__PROBLEM DESCRIPTION__
Once you find the line with "by have := k_first", copy it and every line after it through the end of the entries below, exactly as written.

__STUDY MATERIAL__

──────────────────────────────

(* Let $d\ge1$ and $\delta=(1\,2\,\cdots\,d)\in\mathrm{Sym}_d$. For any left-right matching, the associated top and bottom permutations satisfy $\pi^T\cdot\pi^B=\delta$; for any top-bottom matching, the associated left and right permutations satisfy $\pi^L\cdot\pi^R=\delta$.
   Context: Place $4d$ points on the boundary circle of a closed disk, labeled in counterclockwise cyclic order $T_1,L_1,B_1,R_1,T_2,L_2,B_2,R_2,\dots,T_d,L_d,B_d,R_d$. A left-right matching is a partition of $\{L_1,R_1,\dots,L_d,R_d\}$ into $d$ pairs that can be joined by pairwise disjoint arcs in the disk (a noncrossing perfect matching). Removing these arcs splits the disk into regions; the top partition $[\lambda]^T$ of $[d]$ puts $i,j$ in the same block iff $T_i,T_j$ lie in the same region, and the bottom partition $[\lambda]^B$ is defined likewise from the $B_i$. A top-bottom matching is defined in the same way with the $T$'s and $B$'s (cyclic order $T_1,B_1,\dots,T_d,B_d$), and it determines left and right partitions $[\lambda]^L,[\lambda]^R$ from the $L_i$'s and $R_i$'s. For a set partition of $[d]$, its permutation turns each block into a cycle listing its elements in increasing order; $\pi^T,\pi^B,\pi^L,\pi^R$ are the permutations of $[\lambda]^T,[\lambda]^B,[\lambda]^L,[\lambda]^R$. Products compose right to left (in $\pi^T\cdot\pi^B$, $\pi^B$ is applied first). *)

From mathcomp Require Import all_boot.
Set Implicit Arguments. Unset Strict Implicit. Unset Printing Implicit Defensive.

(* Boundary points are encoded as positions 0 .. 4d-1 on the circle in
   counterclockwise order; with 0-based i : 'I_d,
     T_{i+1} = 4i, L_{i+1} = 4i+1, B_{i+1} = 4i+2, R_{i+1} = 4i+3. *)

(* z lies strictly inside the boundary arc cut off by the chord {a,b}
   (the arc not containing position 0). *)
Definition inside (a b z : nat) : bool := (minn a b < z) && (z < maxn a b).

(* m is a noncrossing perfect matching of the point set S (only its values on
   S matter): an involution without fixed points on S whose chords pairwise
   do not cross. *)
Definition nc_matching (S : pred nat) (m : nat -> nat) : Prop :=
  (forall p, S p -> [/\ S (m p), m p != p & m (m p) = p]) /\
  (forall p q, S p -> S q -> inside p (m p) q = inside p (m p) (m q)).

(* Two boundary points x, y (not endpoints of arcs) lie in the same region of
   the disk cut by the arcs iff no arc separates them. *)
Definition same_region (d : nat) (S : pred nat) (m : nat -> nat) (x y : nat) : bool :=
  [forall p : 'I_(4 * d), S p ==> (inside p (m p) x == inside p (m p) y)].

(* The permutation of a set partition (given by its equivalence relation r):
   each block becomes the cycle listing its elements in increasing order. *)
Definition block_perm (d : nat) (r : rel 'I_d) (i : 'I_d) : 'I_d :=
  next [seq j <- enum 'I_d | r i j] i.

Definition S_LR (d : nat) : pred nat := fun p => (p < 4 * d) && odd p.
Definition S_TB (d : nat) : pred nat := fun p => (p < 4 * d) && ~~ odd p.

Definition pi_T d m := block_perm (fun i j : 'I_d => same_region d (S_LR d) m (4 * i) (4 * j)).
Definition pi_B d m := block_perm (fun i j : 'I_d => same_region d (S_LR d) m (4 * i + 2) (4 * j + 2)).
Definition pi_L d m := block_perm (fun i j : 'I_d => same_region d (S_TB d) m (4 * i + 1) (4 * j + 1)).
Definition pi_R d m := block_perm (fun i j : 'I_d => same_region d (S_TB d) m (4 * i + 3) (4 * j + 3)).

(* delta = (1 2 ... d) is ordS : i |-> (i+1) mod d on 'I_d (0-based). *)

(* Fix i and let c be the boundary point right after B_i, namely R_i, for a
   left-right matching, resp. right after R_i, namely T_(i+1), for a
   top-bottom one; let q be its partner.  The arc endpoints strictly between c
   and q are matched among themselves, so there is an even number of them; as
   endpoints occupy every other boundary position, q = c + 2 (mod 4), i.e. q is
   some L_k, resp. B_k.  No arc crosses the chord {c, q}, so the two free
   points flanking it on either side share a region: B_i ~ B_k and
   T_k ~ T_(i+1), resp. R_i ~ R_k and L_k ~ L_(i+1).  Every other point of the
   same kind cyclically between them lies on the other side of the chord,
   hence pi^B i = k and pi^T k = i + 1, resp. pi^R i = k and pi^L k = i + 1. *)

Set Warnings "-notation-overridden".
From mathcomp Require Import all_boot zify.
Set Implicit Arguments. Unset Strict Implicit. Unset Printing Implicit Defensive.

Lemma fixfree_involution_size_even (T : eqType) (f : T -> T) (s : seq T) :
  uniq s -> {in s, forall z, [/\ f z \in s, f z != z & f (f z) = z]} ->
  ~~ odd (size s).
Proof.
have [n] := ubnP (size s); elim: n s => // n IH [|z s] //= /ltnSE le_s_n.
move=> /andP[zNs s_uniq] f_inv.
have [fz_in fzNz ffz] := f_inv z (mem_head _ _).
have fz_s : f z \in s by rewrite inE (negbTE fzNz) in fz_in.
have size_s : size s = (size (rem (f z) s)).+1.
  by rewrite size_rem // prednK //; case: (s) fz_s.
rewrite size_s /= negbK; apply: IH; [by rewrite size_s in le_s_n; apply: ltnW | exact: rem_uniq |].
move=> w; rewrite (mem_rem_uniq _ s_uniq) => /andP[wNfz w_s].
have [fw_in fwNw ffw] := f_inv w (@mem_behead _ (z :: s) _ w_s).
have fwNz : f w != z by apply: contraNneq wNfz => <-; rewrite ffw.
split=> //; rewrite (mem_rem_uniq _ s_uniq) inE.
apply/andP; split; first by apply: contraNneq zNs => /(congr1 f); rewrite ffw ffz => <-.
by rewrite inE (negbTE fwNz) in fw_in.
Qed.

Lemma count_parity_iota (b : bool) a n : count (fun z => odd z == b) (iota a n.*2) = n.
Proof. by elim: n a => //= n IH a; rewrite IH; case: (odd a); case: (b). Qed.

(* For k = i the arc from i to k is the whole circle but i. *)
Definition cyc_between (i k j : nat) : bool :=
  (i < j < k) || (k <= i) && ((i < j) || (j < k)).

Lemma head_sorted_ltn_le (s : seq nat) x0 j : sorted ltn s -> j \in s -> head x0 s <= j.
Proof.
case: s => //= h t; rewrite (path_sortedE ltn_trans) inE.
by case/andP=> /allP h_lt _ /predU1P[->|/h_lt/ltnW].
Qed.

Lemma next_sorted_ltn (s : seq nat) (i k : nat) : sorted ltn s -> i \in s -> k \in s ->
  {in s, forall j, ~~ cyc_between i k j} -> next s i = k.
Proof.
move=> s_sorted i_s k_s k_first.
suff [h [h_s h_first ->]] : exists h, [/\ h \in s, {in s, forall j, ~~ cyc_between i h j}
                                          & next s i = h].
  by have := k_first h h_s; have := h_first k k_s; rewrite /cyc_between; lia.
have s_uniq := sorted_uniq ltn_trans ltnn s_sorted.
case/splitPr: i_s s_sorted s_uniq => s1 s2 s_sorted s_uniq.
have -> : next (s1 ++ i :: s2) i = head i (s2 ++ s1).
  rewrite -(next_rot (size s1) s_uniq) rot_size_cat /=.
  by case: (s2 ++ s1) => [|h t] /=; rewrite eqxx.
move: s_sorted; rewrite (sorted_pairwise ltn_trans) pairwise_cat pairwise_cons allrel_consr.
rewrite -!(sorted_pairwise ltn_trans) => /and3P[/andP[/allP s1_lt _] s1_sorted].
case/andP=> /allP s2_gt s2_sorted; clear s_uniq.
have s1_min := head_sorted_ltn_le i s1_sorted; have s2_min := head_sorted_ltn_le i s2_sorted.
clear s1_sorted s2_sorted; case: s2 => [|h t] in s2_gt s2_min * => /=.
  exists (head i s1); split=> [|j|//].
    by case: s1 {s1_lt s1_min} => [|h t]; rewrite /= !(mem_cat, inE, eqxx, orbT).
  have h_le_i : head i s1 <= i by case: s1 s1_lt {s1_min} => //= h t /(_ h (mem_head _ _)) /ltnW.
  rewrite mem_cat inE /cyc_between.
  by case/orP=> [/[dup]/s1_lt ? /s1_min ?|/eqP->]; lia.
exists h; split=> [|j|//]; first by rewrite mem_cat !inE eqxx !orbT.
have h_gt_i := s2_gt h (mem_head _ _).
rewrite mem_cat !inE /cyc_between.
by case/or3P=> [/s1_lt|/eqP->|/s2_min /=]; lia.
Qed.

──────────────────────────────

__ANSWER SPACE__
  by have := k_first h h_s; have := h_first k k_s; rewrite /cyc_between; lia.
have s_uniq := sorted_uniq ltn_trans ltnn s_sorted.
case/splitPr: i_s s_sorted s_uniq => s1 s2 s_sorted s_uniq.
have -> : next (s1 ++ i :: s2) i = head i (s2 ++ s1).
  rewrite -(next_rot (size s1) s_uniq) rot_size_cat /=.
  by case: (s2 ++ s1) => [|h t] /=; rewrite eqxx.
move: s_sorted; rewrite (sorted_pairwise ltn_trans) pairwise_cat pairwise_cons allrel_consr.
rewrite -!(sorted_pairwise ltn_trans) => /and3P[/andP[/allP s1_lt _] s1_sorted].
case/andP=> /allP s2_gt s2_sorted; clear s_uniq.
have s1_min := head_sorted_ltn_le i s1_sorted; have s2_min := head_sorted_ltn_le i s2_sorted.
clear s1_sorted s2_sorted; case: s2 => [|h t] in s2_gt s2_min * => /=.
  exists (head i s1); split=> [|j|//].
    by case: s1 {s1_lt s1_min} => [|h t]; rewrite /= !(mem_cat, inE, eqxx, orbT).
  have h_le_i : head i s1 <= i by case: s1 s1_lt {s1_min} => //= h t /(_ h (mem_head _ _)) /ltnW.
  rewrite mem_cat inE /cyc_between.
  by case/orP=> [/[dup]/s1_lt ? /s1_min ?|/eqP->]; lia.
exists h; split=> [|j|//]; first by rewrite mem_cat !inE eqxx !orbT.
have h_gt_i := s2_gt h (mem_head _ _).
rewrite mem_cat !inE /cyc_between.
by case/or3P=> [/s1_lt|/eqP->|/s2_min /=]; lia.
Qed.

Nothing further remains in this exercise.